By contrast, the Court of Appeal in Nesbitt v Holt had earlier that year allowed a claim in negligence against a CAB representative to proceed although a factual finding of the employment tribunal (ET) in earlier proceedings would have to be disturbed for it to succeed. Holt had represented Nesbitt in a claim under the Disability Discrimination Act 1995. The claim was compromised and Nesbitt then sought to argue before the ET that Holt had acted without his authority and that the compromise was invalid. The ET chairman held that Holt had ostensible authority to enter into a compromise and the agreement was therefore binding. He went on to add that (as the issue had been raised before him) Holt also had actual authority to compromise the proceedings.

Nesbitt's subsequent action against Holt was struck out by Patten J on the grounds that in the light of the chairman's findings on actual authority, the new proceedings were an abuse of process.

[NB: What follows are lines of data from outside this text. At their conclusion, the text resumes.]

(* Let $s\geq 1$ and $n\geq 2s$ be integers, and let $G^*=K_1\vee(K_{n-2}\cup K_1)$. (i) If $n\geq 2s+2$, then $\lambda_1(D(G^* ))\le \lambda_1(D(K_s\vee(K_{n-2s}\cup sK_1)))$, with equality if and only if $s=1$. (ii) If $n=2s+1$, then $\lambda_1(D(G^* ))\le \lambda_1(D(S_{n,\frac{n-1}{2}}))$, with equality if and only if $n=3$. (iii) If $n=2s$ and $n\geq 10$, then $\lambda_1(D(G^* ))<\lambda_1(D(S_{n,\frac{n}{2}}))$. (iv) If $n=2s$ and $2\le n\le 8$, then $\lambda_1(D(S_{n,\frac{n}{2}}))\le \lambda_1(D(G^* ))$, with equality if and only if $n=2$.
   Context: All graphs are finite, simple, undirected. For a connected graph $G$, $D(G)$ is its distance matrix (entry $(i,j)$ is the distance between $v_i$ and $v_j$) and $\lambda_1(D(G))$ its largest eigenvalue. $G\cup H$ is disjoint union, $G\vee H$ the join (disjoint union plus all edges between the two vertex sets), $tK_1$ the edgeless graph on $t$ vertices, $K_0$ the empty graph, and $S_{n,k}=K_k\vee(n-k)K_1$. *)

From HB Require Import structures.
From mathcomp Require Import all_boot all_order all_algebra.
From mathcomp Require Import reals classical_sets.
Set Implicit Arguments. Unset Strict Implicit. Unset Printing Implicit Defensive.
Import Order.TTheory GRing.Theory Num.Theory.

(* A simple graph on vertex set 'I_N is a symmetric irreflexive relation. *)
Definition graph (N : nat) := rel 'I_N.

Definition complete (k : nat) : graph k := fun i j => i != j.
Definition edgeless (k : nat) : graph k := fun _ _ => false.
Arguments complete k : clear implicits.
Arguments edgeless k : clear implicits.

Definition gunion m k (g : graph m) (h : graph k) : graph (m + k) :=
  fun i j => match split i, split j with
             | inl a, inl b => g a b
             | inr a, inr b => h a b
             | _, _ => false
             end.

Definition gjoin m k (g : graph m) (h : graph k) : graph (m + k) :=
  fun i j => match split i, split j with
             | inl a, inl b => g a b
             | inr a, inr b => h a b
             | _, _ => true
             end.

Fixpoint reach N (g : graph N) (d : nat) (i j : 'I_N) : bool :=
  match d with
  | 0 => i == j
  | d'.+1 => reach g d' i j || [exists m, reach g d' i m && g m j]
  end.

(* Graph distance: least d with a walk of length d (for a connected graph on
   N vertices this is < N; unreachable pairs would get N). *)
Definition gdist N (g : graph N) (i j : 'I_N) : nat :=
  find (fun d => reach g d i j) (iota 0 N).

Local Open Scope ring_scope.

Definition distmx (R : pzRingType) N (g : graph N) : 'M[R]_N :=
  \matrix_(i, j) (gdist g i j)%:R.

Definition lambda1 (R : realType) N (A : 'M[R]_N) : R :=
  sup [set a : R | eigenvalue A a].

Definition Gstar (n : nat) := gjoin (complete 1) (gunion (complete (n - 2)) (complete 1)).
Definition Hsn (s n : nat) := gjoin (complete s) (gunion (complete (n - 2 * s)) (edgeless s)).
Definition Snk (n k : nat) := gjoin (complete k) (edgeless (n - k)).
Arguments Gstar n : clear implicits.
Arguments Hsn s n : clear implicits.
Arguments Snk n k : clear implicits.

From HB Require Import structures.
From mathcomp Require Import all_boot all_order all_algebra.
From mathcomp Require Import reals classical_sets boolp.
From mathcomp Require Import ring lra zify.
Import Order.TTheory GRing.Theory Num.Theory.
Set Implicit Arguments. Unset Strict Implicit. Unset Printing Implicit Defensive.
Local Open Scope ring_scope.

(* All graphs compared are K_a ∨ (K_b ∪ eK_1) with a > 0 (b = 0 for S_{n,k}).  A vertex
   of K_a is adjacent to every other vertex, so distances are 1 on edges and 2 otherwise,
   and the distance matrix is constant on the three blocks K_a, K_b, eK_1.  A positive
   vector y with yD <= r y bounds every eigenvalue by r, and any eigenvector gives a lower
   bound for lambda_1; taking block-constant vectors reduces both to the 3x3 quotient
   matrix, whose eigenvalues are roots of an explicit cubic (a quadratic for S_{n,k}).
   Each comparison then amounts to the signs of two such polynomials at explicit points:
   one is nonnegative at r, so its graph has lambda_1 <= r, while the other is negative
   at r and has a root beyond r. *)

Section SpectralBounds.
Variable R : realType.
Implicit Types (N : nat) (r x : R).

(* Compare an eigenvector [v] with [y] at an index maximizing [|v_i| / y_i]. *)
Lemma eigenvalue_le_of_subeigenvector N (A : 'M[R]_N) (y : 'rV[R]_N) r x :
  (forall i j, 0 <= A i j) -> (forall i, 0 < y 0 i) ->
  (forall j, (y *m A) 0 j <= r * y 0 j) -> eigenvalue A x -> x <= r.
Proof.
move=> A_ge0 y_gt0 yA /eigenvalueP [v vA v_neq0].
have [i0 vi0] : exists i, v 0 i != 0.
  apply/existsP; apply: contraNT v_neq0 => /existsPn v0; apply/eqP/rowP => i.
  by rewrite mxE; apply/eqP/negPn/v0.
pose t i := `|v 0 i| / y 0 i.
have [j _ tj] := @arg_maxP _ _ 'I_N i0 xpredT t isT.
have t_gt0 : 0 < t j.
  by apply: lt_le_trans (tj i0 isT); rewrite /t divr_gt0 ?normr_gt0.
have vj : `|v 0 j| = t j * y 0 j by rewrite /t divfK // gt_eqF.
have vj_gt0 : 0 < `|v 0 j| by rewrite vj mulr_gt0.
suff : `|x| * `|v 0 j| <= r * `|v 0 j|.
  by rewrite ler_pM2r // => /(le_trans (ler_norm x)).
have -> : `|x| * `|v 0 j| = `|(v *m A) 0 j| by rewrite vA mxE normrM.
rewrite mxE; apply: le_trans (ler_norm_sum _ _ _) _.
apply: (@le_trans _ _ (\sum_i t j * (y 0 i * A i j))).
  apply: ler_sum => i _; rewrite normrM (ger0_norm (A_ge0 _ _)) mulrA ler_wpM2r //.
  by rewrite -ler_pdivrMr //; apply: tj.
rewrite -mulr_sumr vj mulrCA ler_wpM2l ?(ltW t_gt0) //.
by have := yA j; rewrite mxE.
Qed.

Lemma eigenvalue_bounded N (A : 'M[R]_N) : (forall i j, 0 <= A i j) ->
  exists r, forall x, eigenvalue A x -> x <= r.
Proof.
move=> A_ge0; exists (\sum_i \sum_j A i j) => x.
apply: (@eigenvalue_le_of_subeigenvector _ A (\row_i 1)) => // [i|j].
  by rewrite mxE ltr01.
rewrite [X in _ <= _ * X]mxE mulr1 mxE; apply: ler_sum => i _; rewrite mxE mul1r.
by rewrite (bigD1 j) //= lerDl sumr_ge0.
Qed.

(* [lambda1] is a supremum, and [sup set0 = 0]: hence the condition [0 <= r]. *)
Lemma lambda1_le_of_subeigenvector N (A : 'M[R]_N) (y : 'rV[R]_N) r :
  (forall i j, 0 <= A i j) -> (forall i, 0 < y 0 i) ->
  (forall j, (y *m A) 0 j <= r * y 0 j) -> 0 <= r -> lambda1 A <= r.
Proof.
move=> A_ge0 y_gt0 yA r_ge0; rewrite /lambda1.
have [[x Ax]|noeig] := pselect (exists x, eigenvalue A x); last first.
  suff -> : [set a : R | eigenvalue A a]%classic = set0 by rewrite sup0.
  by apply/seteqP; split => a //= Aa; apply: noeig; exists a.
apply: ge_sup; first by exists x.
by move=> a; apply: eigenvalue_le_of_subeigenvector yA.
Qed.

Lemma eigenvalue_le_lambda1 N (A : 'M[R]_N) x :
  (forall i j, 0 <= A i j) -> eigenvalue A x -> x <= lambda1 A.
Proof.
move=> /eigenvalue_bounded [r Ar] Ax; apply: ub_le_sup => //.
by exists r => a /Ar.
Qed.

The Court of Appeal disagreed. It held unanimously that in a case where the parties to the later proceedings are not the same, it will only be an abuse of process to challenge the factual findings or conclusions of the earlier court if it would be manifestly unfair to a party to the later proceedings that the same issues should be relitigated, or if to permit such relitigation would bring the administration of justice into disrepute. Patten J had not applied that test. The issue of actual (as opposed to ostensible) authority had not been a necessary issue for determination by the ET and had not been properly determined on an inter partes basis. The issue could not be properly decided until there was disclosure of documents in the negligence action. That evidence had not been before the ET. It would not be manifestly unfair to the CAB to require it to defend the claim.

The court did not go on to consider whether the relitigation would bring the administration of justice into disrepute.

Laing demonstrates that the fact that certain issues have not been determined inter partes is not fatal to a contention of abuse of process. There is clearly something of a tension between Laing and Nesbitt. If, however, the ratio of Laing is that it is an abuse of process to bring a claim which seeks to upset the conclusion in earlier proceedings of a court of competent jurisdiction upon the basis of exactly the same material as was or could have been before the earlier court, Nesbitt can be brought within its scope.

The Court of Appeal in Nesbitt held on the facts that the trial of the negligence action would “not necessarily” be of the same issue on the same evidence. No doubt they were also influenced by the fact that Nesbitt had acted in person in front of the ET and had evidently been at a disadvantage in doing so.

 

Stuart v Goldberg

What then, of a claim against solicitors in which it is alleged that the issues sought to be litigated should have been ventilated in earlier proceedings in which the solicitors were defendants? The difficulties in the way of those wishing to allege abuse of process are made clear by Stuart v Goldberg [2008] EWCA Civ 2, [2008] All ER (D) 73 (Jan). The defendant solicitors sought to stop the claimant from asserting two fresh causes of action which it was said he could have brought in earlier (successful) proceedings against them.

The Court of Appeal held that the substantive merits of the fresh claims are not relevant to the question of abuse and neither was delay itself a relevant factor. Neither is there any general principle of law (i) that a potential claimant is under a duty to use reasonable diligence to find out facts relevant to whether he has a particular claim which he has not yet asserted and (ii) that he must warn the defendant that he is contemplating bringing an additional claim in future. The new actions were not manifestly unfair to the defendants.